* [Information]
"""
Lemma det3_sq_perp (u v n : pt) :
  dot n u = 0 -> dot n v = 0 -> det3 u v n ^ 2 = dot n n * (dot u u * dot v v - dot u v ^ 2).
Proof.
  intros Hu Hv.
  transitivity (dot n n * (dot u u * dot v v - dot u v ^ 2)
                - dot n u ^ 2 * dot v v - dot n v ^ 2 * dot u u + 2 * dot u v * dot n u * dot n v).
  - vec_unfold; ring.
  - rewrite Hu, Hv; ring.
Qed.

Lemma dot_nonneg (u : pt) : 0 <= dot u u.
Proof. vec_unfold; nra. Qed.

Lemma vnorm_sq (u : pt) : vnorm u ^ 2 = dot u u.
Proof. apply pow2_sqrt, dot_nonneg. Qed.

Lemma vnorm_scale (a : R) (u : pt) : vnorm (vscale a u) = Rabs a * vnorm u.
Proof.
  unfold vnorm.
  replace (dot (vscale a u) (vscale a u)) with (Rsqr a * dot u u)
    by (unfold Rsqr; vec_unfold; ring).
  rewrite sqrt_mult_alt by apply Rle_0_sqr.
  now rewrite sqrt_Rsqr_abs.
Qed.

Lemma edist_sym (X Y : pt) : edist X Y = edist Y X.
Proof.
  unfold edist.
  replace (vsub X Y) with (vscale (-1) (vsub Y X)) by vec_field.
  rewrite vnorm_scale, Rabs_left by lra; ring.
Qed.

Lemma edist_pos (X Y : pt) : X <> Y -> 0 < edist X Y.
Proof.
  intros Hne. apply sqrt_lt_R0.
  destruct (Rle_lt_or_eq_dec _ _ (dot_nonneg (vsub X Y))) as [Hlt | Heq]; [exact Hlt |].
  exfalso; apply Hne.
  revert Heq; destruct X as [[x1 x2] x3], Y as [[y1 y2] y3]; vec_unfold; intros Heq.
  pose proof (Rle_0_sqr (x1 - y1)); pose proof (Rle_0_sqr (x2 - y2));
    pose proof (Rle_0_sqr (x3 - y3)).
  assert (E1 : x1 - y1 = 0) by (apply Rsqr_eq_0; unfold Rsqr in *; lra).
  assert (E2 : x2 - y2 = 0) by (apply Rsqr_eq_0; unfold Rsqr in *; lra).
  assert (E3 : x3 - y3 = 0) by (apply Rsqr_eq_0; unfold Rsqr in *; lra).
  apply pt_ext; cbn; lra.
Qed.
(* Let $G$ be a finite group and $K$ a quadratic extension of $\mathbb{Q}$ with ring of integers $\mathfrak{o}_K$. If $M_2(K)$ is a Wedderburn component of the group algebra $K[G]$, then $\mathbb{Z}^2$ embeds in $\mathcal{U}_1(\mathfrak{o}_K[G])$; in particular $\mathcal{U}_1(\mathfrak{o}_K[G])$ is not hyperbolic.
   Context: $\mathcal{U}_1(\mathfrak{o}_K[G])$ is the group of units of augmentation $1$ in the group ring $\mathfrak{o}_K[G]$. A Wedderburn component of the semisimple algebra $K[G]$ is a simple direct factor in its Wedderburn decomposition. Hyperbolic means Gromov-hyperbolic. *)

From HB Require Import structures.
From mathcomp Require Import all_boot all_order all_algebra all_fingroup all_field.
Set Implicit Arguments. Unset Strict Implicit. Unset Printing Implicit Defensive.
Import GRing.Theory.
Local Open Scope ring_scope.

Section GroupRing.
Variables (R : nzRingType) (gT : finGroupType).

Definition group_ring := {ffun gT -> R^o}.
HB.instance Definition _ := GRing.Lmodule.on group_ring.

Definition gr_one : group_ring := [ffun x => (x == 1%g)%:R].
Definition gr_mul (a b : group_ring) : group_ring :=
  [ffun x => \sum_(y : gT) a y * b (y^-1 * x)%g].

Lemma gr_mulA : associative gr_mul.
Proof.
move=> a b c; apply/ffunP=> x; rewrite /gr_mul !ffunE; apply: esym.
under eq_bigr => y _ do rewrite ffunE mulr_suml.
rewrite exchange_big /=.
apply: eq_bigr => z _.
rewrite ffunE mulr_sumr.
rewrite (reindex_inj (mulgI z)) /=.
apply: eq_bigr => w _.
by rewrite mulKg mulrA invMg mulgA.
Qed.
(* Let $(\hat p_n)_{n\ge0}$ be the monic orthogonal polynomials with respect to a positive Borel measure on $\mathbb{R}$ with infinitely many points in its support. Then there exist sequences of positive numbers $(\rho_n)_{n\ge0}$ such that the normalized polynomials $p_n(x)=\rho_n\hat p_n(x)$ satisfy: for any positive integer $K$ and any real numbers $\gamma_0,\dots,\gamma_K$ with $\gamma_0=1$ and $\gamma_K\neq0$, the polynomials $$q_n(x)=\sum_{j=0}^K\gamma_jp_{n-j}(x)$$ have only real zeros for all $n$ sufficiently large (how large depending only on $K$ and $\gamma_0,\dots,\gamma_K$). *)

From HB Require Import structures.
From mathcomp Require Import all_boot all_order all_algebra.
From mathcomp Require Import all_classical all_reals all_analysis.
From mathcomp Require Import complex.
Set Implicit Arguments. Unset Strict Implicit. Unset Printing Implicit Defensive.
Import Order.TTheory GRing.Theory Num.Theory.
Local Open Scope ring_scope.
Local Open Scope classical_set_scope.

Definition msupport (R : realType) (mu : {measure set R -> \bar R}) : set R :=
  [set x : R | forall e : R, (0 < e)%R ->
     (0 < mu [set y : R | ((x - e < y) && (y < x + e))%R])%E].
Lemma cut_max_setT B : cut_max B setT = fmax (fun X => \sum_j pos_part (col_sum B X j)).
Proof.
apply: eq_fmax => X; rewrite setIT -fmax_subset_sum.
by apply: eq_fmax => Y; rewrite setIT cut_sum_cols.
Qed.

End CutSums.

Section RandomCutMax.
Context {R : realType} {n : nat} {p : R}.
Hypotheses (p_ge0 : 0 <= p) (p_le1 : p <= 1).
Local Notation E := (@binom_subset_expect R n p).
Local Notation E2 := (@expect2 R n p).
Variable B : 'M[R]_n.

Lemma expect_centered_cols_le l : 0 < l ->
  E (fun Q => fmax (fun X => \sum_j ((j \in Q)%:R - p) * pos_part (col_sum B X j)))
  <= p * frob_norm B ^+ 2 / l + n%:R * l / 2.
Proof.
move=> l0.
apply: le_trans (symmetrize_contract p_ge0 p_le1 (P := setT)
  (a := fun j X (_ : {set 'I_n}) => col_sum B X j) _ _) _ => [k X Q|//|].
  by rewrite in_setT.
pose drow (Q Q' : {set 'I_n}) i := \sum_j ((j \in Q)%:R - (j \in Q')%:R) * B i j.
have pointwise (Q Q' : {set 'I_n}) :
    fmax (fun X : {set 'I_n} => \sum_j ((j \in Q)%:R - (j \in Q')%:R) * col_sum B X j)
    <= \sum_i `|drow Q Q' i|.
  rewrite (eq_fmax (g := fun X : {set 'I_n} => \sum_i (i \in X)%:R * drow Q Q' i)) => [|X].
    by rewrite fmax_subset_sum; apply: ler_sum => i _; exact: pos_part_le_norm.
  rewrite /col_sum /drow; under eq_bigr => j _ do rewrite mulr_sumr.
  rewrite exchange_big; apply: eq_bigr => i _; rewrite mulr_sumr.
  by apply: eq_bigr => j _; ring.
apply: le_trans (ler_expect2 p_ge0 p_le1 pointwise) _.
rewrite expect2_sum.
apply: le_trans (ler_sum _ (fun i _ => expect2_norm_le p_ge0 p_le1 (B i) l0)) _.
rewrite big_split /= sumr_const card_ord frob_norm_sqr -mulr_suml -mulr_sumr.
by rewrite -[_ *+ n]mulr_natl mulrA.
Qed.

Section Bipartite.
Variable P : {set 'I_n}.
Hypothesis B_cross : forall i j, ~~ ((i \in P) && (j \notin P)) -> B i j = 0.

(* The row sums over [Y :&: Q] ignore the coordinates of [Q] in [P], which are
   the only rows of [B] that can be nonzero. *)
Lemma expect_centered_rows_le l : 0 < l ->
  E (fun Q => fmax (fun Y => \sum_i ((i \in Q)%:R - p) * pos_part (row_sum B (Y :&: Q) i)))
  <= p * p * frob_norm B ^+ 2 / l + n%:R * p * l / 2.
Proof.
move=> l0.
apply: le_trans (symmetrize_contract p_ge0 p_le1 (P := P)
  (a := fun i Y Q => row_sum B (Y :&: Q) i) _ _) _ => [k Y Q kP|k i Y kP Q|].
- by apply: big1 => j _; rewrite B_cross ?mul0r // (negPf kP).
- apply: eq_bigr => j _; have [->|jk] := eqVneq j k.
    by rewrite B_cross ?mul0r // kP andbF.
  by rewrite !in_setI in_setD1 jk.
pose dcol (Q Q' : {set 'I_n}) j := \sum_i ((i \in Q)%:R - (i \in Q')%:R) * B i j.
have pointwise (Q Q' : {set 'I_n}) :
    fmax (fun Y : {set 'I_n} => \sum_i ((i \in Q)%:R - (i \in Q')%:R) * row_sum B (Y :&: Q) i)
    <= \sum_j (j \in Q)%:R * `|dcol Q Q' j|.
  rewrite (eq_fmax (g := fun Y : {set 'I_n} =>
    \sum_j (j \in Y)%:R * ((j \in Q)%:R * dcol Q Q' j))) => [|Y].
    rewrite fmax_subset_sum; apply: ler_sum => j _; rewrite pos_partMn.
    by rewrite ler_wpM2l ?ler0n ?pos_part_le_norm.
  rewrite /row_sum /dcol; under eq_bigr => i _ do rewrite mulr_sumr.
  rewrite exchange_big; apply: eq_bigr => j _; rewrite !mulr_sumr.
  by apply: eq_bigr => i _; rewrite indicatorI; ring.
apply: le_trans (ler_expect2 p_ge0 p_le1 pointwise) _; rewrite expect2_sum.
have col_bound j : E2 (fun Q Q' => (j \in Q)%:R * `|dcol Q Q' j|)
    <= p * (p * (\sum_i B i j ^+ 2) / l + l / 2).
  rewrite (_ : E2 _ = p * E2 (fun Q Q' => `|dcol Q Q' j|)).
    by rewrite ler_wpM2l // expect2_norm_le.
  apply: (expect2_indicatorM p_ge0 p_le1) => Q' Q.
  congr `|_|; apply: eq_bigr => i _; have [->|ij] := eqVneq i j.
    by rewrite B_cross ?mulr0 //; case: (j \in P).
  by rewrite in_setD1 ij.
apply: le_trans (ler_sum _ (fun j _ => col_bound j)) _.
rewrite frob_norm_sqr exchange_big /= -mulr_sumr big_split /= sumr_const card_ord.
rewrite -mulr_suml -mulr_sumr -[_ *+ n]mulr_natl.
lra.
Qed.

Lemma expect_cut_max_le l : 0 < l ->
  E (cut_max B) <= p ^+ 2 * cut_max B setT + 2 * p ^+ 2 * frob_norm B ^+ 2 / l + n%:R * p * l.
Proof.
move=> l0; rewrite (eq_expect (cut_max_rows B)).
have rows Q := fmax_sum_indicator_le Q (fun Y i => row_sum B (Y :&: Q) i) p_ge0.
apply: le_trans (ler_expect p_ge0 p_le1 rows) _; rewrite expectD expectZ.
rewrite (eq_expect (fmax_rows_cols B)).
have cols Q := fmax_sum_indicator_le Q (col_sum B) p_ge0.
apply: le_trans (lerD (ler_wpM2l p_ge0 (ler_expect p_ge0 p_le1 cols))
                      (expect_centered_rows_le l0)) _.
rewrite expectD expectZ expect_const -cut_max_setT.
have := ler_wpM2l p_ge0 (expect_centered_cols_le l0); lra.
Qed.

End Bipartite.
End RandomCutMax.

Section Decoupling.
Context {R : realType} {n : nat}.
Implicit Types (A B : 'M[R]_n) (P Q X Y : {set 'I_n}).

Definition cross_part A P : 'M[R]_n :=
  \matrix_(i, j) (((i \in P) && (j \notin P))%:R * A i j).

Lemma cross_part_out A P i j : ~~ ((i \in P) && (j \notin P)) -> cross_part A P i j = 0.
Proof. by rewrite mxE => /negPf ->; rewrite mul0r. Qed.

Lemma cut_normN B : cut_norm (- B) = cut_norm B.
Proof.
apply: eq_fmax => I; apply: eq_fmax => J; rewrite -normrN -sumrN; congr `|_|.
by apply: eq_bigr => i _; rewrite -sumrN; apply: eq_bigr => j _; rewrite mxE opprK.
Qed.

Lemma frob_normN B : frob_norm (- B) = frob_norm B.
Proof.
by congr Num.sqrt; apply: eq_bigr => i _; apply: eq_bigr => j _; rewrite mxE sqrrN.
Qed.

Lemma cut_max_le_cut_norm B Q : cut_max B Q <= cut_norm B.
Proof.
apply: fmax_le => [|X]; first exact: fmax_ge0.
apply: fmax_le => [|Y]; first exact: fmax_ge0.
exact: le_trans (ler_norm _) (norm_cut_sum_le _ _ _).
Qed.

Lemma cut_sum_cross_part A P X Y :
  cut_sum (cross_part A P) X Y = cut_sum A (X :&: P) (Y :\: P).
Proof.
apply: eq_bigr => i _; apply: eq_bigr => j _.
rewrite mxE indicatorI in_setD.
by case: (i \in X); case: (i \in P); case: (j \in P); case: (j \in Y); rewrite /=; ring.
Qed.

Lemma cut_norm_cross_part_le A P : cut_norm (cross_part A P) <= cut_norm A.
Proof.
apply: fmax_le => [|I]; first exact: fmax_ge0.
apply: fmax_le => [|J]; first exact: fmax_ge0.
by rewrite -cut_sumE cut_sum_cross_part norm_cut_sum_le.
Qed.

Lemma frob_norm_cross_part_le A P : frob_norm (cross_part A P) <= frob_norm A.
Proof.
apply: ler_wsqrtr; apply: ler_sum => i _; apply: ler_sum => j _; rewrite mxE.
by case: (_ && _); rewrite /= ?mul1r ?mul0r ?expr0n ?sqr_ge0.
Qed.

(* Averaging over a uniformly random [P], the entry [(i, j)] survives in
   [cross_part A P] with probability [1/4] if [i != j] and [0] if [i = j]. *)
Lemma cut_sum_decouple A X Y :
  cut_sum A X Y = \sum_i (i \in X)%:R * A i i * (i \in Y)%:R
                  + 4 * binom_subset_expect (1 / 2) (fun P => cut_sum (cross_part A P) X Y).
Proof.
have h0 : (0 : R) <= 1 / 2 by rewrite divr_ge0.
have h1 : (1 / 2 : R) <= 1 by rewrite ler_pdivrMr // mul1r ler1n.
rewrite /cut_sum expect_sum mulr_sumr -big_split; apply: eq_bigr => i _.
rewrite expect_sum mulr_sumr (bigD1 i) //= [X in _ = _ + X](bigD1 i) //= addrA.
congr (_ + _).
  rewrite (eq_expect (g := fun P => (i \in X)%:R * A i i * (i \in Y)%:R *
    ((i \in P) && (i \notin P))%:R)) => [|P]; last by rewrite mxE; ring.
  by rewrite expectZ (expect_indicator_pair h0 h1) eqxx /=; ring.
apply: eq_bigr => j ji.
rewrite (eq_expect (g := fun P => (i \in X)%:R * A i j * (j \in Y)%:R *
  ((i \in P) && (j \notin P))%:R)) => [|P]; last by rewrite mxE; ring.
by rewrite expectZ (expect_indicator_pair h0 h1) eq_sym ji /=; field.
Qed.

Lemma norm_cut_sum_le_cut_max B Q X Y :
  `|cut_sum B (X :&: Q) (Y :&: Q)| <= cut_max B Q + cut_max (- B) Q.
Proof.
have le_max (C : 'M[R]_n) : cut_sum C (X :&: Q) (Y :&: Q) <= cut_max C Q.
  exact: le_trans (le_fmax (fun Y => _) Y) (le_fmax (fun X => fmax (fun Y => _)) X).
have := le_max B; have := le_max (- B); rewrite cut_sumN.
have := fmax_ge0 (fun X => fmax (fun Y => cut_sum B (X :&: Q) (Y :&: Q))).
have := fmax_ge0 (fun X => fmax (fun Y => cut_sum (- B) (X :&: Q) (Y :&: Q))).
rewrite /cut_max; case: (lerP 0 (cut_sum B (X :&: Q) (Y :&: Q))) => s0;
  [rewrite ger0_norm // | rewrite ltr0_norm //]; lra.
Qed.

Lemma cut_norm_principal_submx_le A Q :
  cut_norm (principal_submx A Q)
  <= fmax (fun X => fmax (fun Y => `|cut_sum A (X :&: Q) (Y :&: Q)|)).
Proof.
apply: fmax_le => [|I]; first exact: fmax_ge0.
apply: fmax_le => [|J]; first exact: fmax_ge0.
have sub (S : {set 'I_#|Q|}) : enum_val @: S :&: Q = enum_val @: S.
  by apply/setIidPl/subsetP => x /imsetP [i _ ->]; exact: enum_valP.
apply: le_trans (le_fmax (fun X => fmax (fun Y => _)) (enum_val @: I)).
apply: le_trans (le_fmax (fun Y => _) (enum_val @: J)).
have inj (S : {set 'I_#|Q|}) : {in S &, injective (@enum_val _ (mem Q))}.
  by move=> x y _ _; exact: enum_val_inj.
rewrite !sub cut_sumE big_imset //=.
under [X in _ <= `|X|]eq_bigr => i _ do rewrite big_imset //=.
by under eq_bigr => i _ do under eq_bigr => j _ do rewrite mxE.
Qed.

End Decoupling.

Section PrincipalSubmatrix.
Context {R : realType} {n : nat}.
Implicit Types (A B : 'M[R]_n) (P Q : {set 'I_n}).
"""
* [What to work on] Above are the records; from them, give again exactly the lines from the one containing "apply: le_trans (ler_expect p_ge0" to the one containing "Lemma cut_sum_decouple A", both lines included, and nothing more.

* [Exercise answer]
apply: le_trans (ler_expect p_ge0 p_le1 rows) _; rewrite expectD expectZ.
rewrite (eq_expect (fmax_rows_cols B)).
have cols Q := fmax_sum_indicator_le Q (col_sum B) p_ge0.
apply: le_trans (lerD (ler_wpM2l p_ge0 (ler_expect p_ge0 p_le1 cols))
                      (expect_centered_rows_le l0)) _.
rewrite expectD expectZ expect_const -cut_max_setT.
have := ler_wpM2l p_ge0 (expect_centered_cols_le l0); lra.
Qed.

End Bipartite.
End RandomCutMax.

Section Decoupling.
Context {R : realType} {n : nat}.
Implicit Types (A B : 'M[R]_n) (P Q X Y : {set 'I_n}).

Definition cross_part A P : 'M[R]_n :=
  \matrix_(i, j) (((i \in P) && (j \notin P))%:R * A i j).

Lemma cross_part_out A P i j : ~~ ((i \in P) && (j \notin P)) -> cross_part A P i j = 0.
Proof. by rewrite mxE => /negPf ->; rewrite mul0r. Qed.

Lemma cut_normN B : cut_norm (- B) = cut_norm B.
Proof.
apply: eq_fmax => I; apply: eq_fmax => J; rewrite -normrN -sumrN; congr `|_|.
by apply: eq_bigr => i _; rewrite -sumrN; apply: eq_bigr => j _; rewrite mxE opprK.
Qed.

Lemma frob_normN B : frob_norm (- B) = frob_norm B.
Proof.
by congr Num.sqrt; apply: eq_bigr => i _; apply: eq_bigr => j _; rewrite mxE sqrrN.
Qed.

Lemma cut_max_le_cut_norm B Q : cut_max B Q <= cut_norm B.
Proof.
apply: fmax_le => [|X]; first exact: fmax_ge0.
apply: fmax_le => [|Y]; first exact: fmax_ge0.
exact: le_trans (ler_norm _) (norm_cut_sum_le _ _ _).
Qed.

Lemma cut_sum_cross_part A P X Y :
  cut_sum (cross_part A P) X Y = cut_sum A (X :&: P) (Y :\: P).
Proof.
apply: eq_bigr => i _; apply: eq_bigr => j _.
rewrite mxE indicatorI in_setD.
by case: (i \in X); case: (i \in P); case: (j \in P); case: (j \in Y); rewrite /=; ring.
Qed.

Lemma cut_norm_cross_part_le A P : cut_norm (cross_part A P) <= cut_norm A.
Proof.
apply: fmax_le => [|I]; first exact: fmax_ge0.
apply: fmax_le => [|J]; first exact: fmax_ge0.
by rewrite -cut_sumE cut_sum_cross_part norm_cut_sum_le.
Qed.

Lemma frob_norm_cross_part_le A P : frob_norm (cross_part A P) <= frob_norm A.
Proof.
apply: ler_wsqrtr; apply: ler_sum => i _; apply: ler_sum => j _; rewrite mxE.
by case: (_ && _); rewrite /= ?mul1r ?mul0r ?expr0n ?sqr_ge0.
Qed.

(* Averaging over a uniformly random [P], the entry [(i, j)] survives in
   [cross_part A P] with probability [1/4] if [i != j] and [0] if [i = j]. *)
Lemma cut_sum_decouple A X Y :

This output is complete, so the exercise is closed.